* [Exercise requirements]: Take the line that contains "exact: leftmost_host_no_piercing_host bh" as the first line and the last line of the records as the end. Please set down everything in that range exactly.

[Material provided Boundary: Start]

(* Comparing [b] with [h], then [c] with [h], yields
   [fx2 (F h) < fx2 (F b) < fx2 (F c) < fx2 (F h)]. *)
Lemma leftmost_host_no_piercing_host a b c : a <> h -> b <> h -> c <> h ->
  inside (F a) (F b) -> pierces (F b) (F c) -> False.
Proof.
move=> ah bh ch in_ab p_bc; have le_hb := h_leftmost in_ab.
have e_hb : e h b.
  apply/negPn/negP => not_hb; have not_bh : ~~ e b h by rewrite sym_e.
  have [lt_hb _ _ _] := inside_of_nonneighbour in_wh bh not_hb.
  have [lt_bh _ _ _] := inside_of_nonneighbour in_ab (not_eq_sym bh) not_bh.
  lra.
case: (edge_pierces e_hb) => [p_hb | [lt_bh _ _ _ _]]; last lra.
have not_hc : ~~ e h c.
  by apply/negP => e_hc; apply: (no_triangle htf e_hb (pierces_edge p_bc)); rewrite sym_e.
have [_ lt_ch _ _] := inside_of_nonneighbour in_wh ch not_hc.
by case: p_hb p_bc => _ _ ? _ _ [_ _ ? _ _]; lra.
Qed.

Lemma unique_piercer_off_leftmost_host : unique_piercer_off h.
Proof.
move=> a b c ah bh ch p_ac p_bc; apply: NNPP => ab.
case: (nested_piercers ab p_ac p_bc) => [in_ab | in_ba].
  exact: leftmost_host_no_piercing_host ah bh ch in_ab p_bc.
exact: leftmost_host_no_piercing_host bh ah ch in_ba p_ac.
Qed.

End LeftmostHost.

Lemma exists_unique_piercer_off (v0 : V) : exists h, unique_piercer_off h.
Proof.
case: (classic (exists z w, inside (F w) (F z))) => [nesting | no_nesting]; last first.
  exists v0 => a b c _ _ _ p_ac p_bc; apply: NNPP => ab.
  case: (nested_piercers ab p_ac p_bc) => in_ab;
    by apply: no_nesting; do 2 eexists; exact: in_ab.
have [|h [_ [w in_wh] h_min]] := exists_argmin (fun z => fx1 (F z))
  (P := fun z => exists w, inside (F w) (F z)) (s := enum V).
  by case: nesting => z [w in_wz]; exists z; [rewrite mem_enum | exists w].
exists h; apply: unique_piercer_off_leftmost_host in_wh _ => z w' in_w'z.
exact: h_min (mem_enum _ z) (ex_intro _ w' in_w'z).
Qed.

[Material provided Boundary: End]

* [Answer area]:
exact: leftmost_host_no_piercing_host bh ah ch in_ba p_ac.
Qed.

End LeftmostHost.

Lemma exists_unique_piercer_off (v0 : V) : exists h, unique_piercer_off h.
Proof.
case: (classic (exists z w, inside (F w) (F z))) => [nesting | no_nesting]; last first.
  exists v0 => a b c _ _ _ p_ac p_bc; apply: NNPP => ab.
  case: (nested_piercers ab p_ac p_bc) => in_ab;
    by apply: no_nesting; do 2 eexists; exact: in_ab.
have [|h [_ [w in_wh] h_min]] := exists_argmin (fun z => fx1 (F z))
  (P := fun z => exists w, inside (F w) (F z)) (s := enum V).
  by case: nesting => z [w in_wz]; exists z; [rewrite mem_enum | exists w].
exists h; apply: unique_piercer_off_leftmost_host in_wh _ => z w' in_w'z.
exact: h_min (mem_enum _ z) (ex_intro _ w' in_w'z).
Qed.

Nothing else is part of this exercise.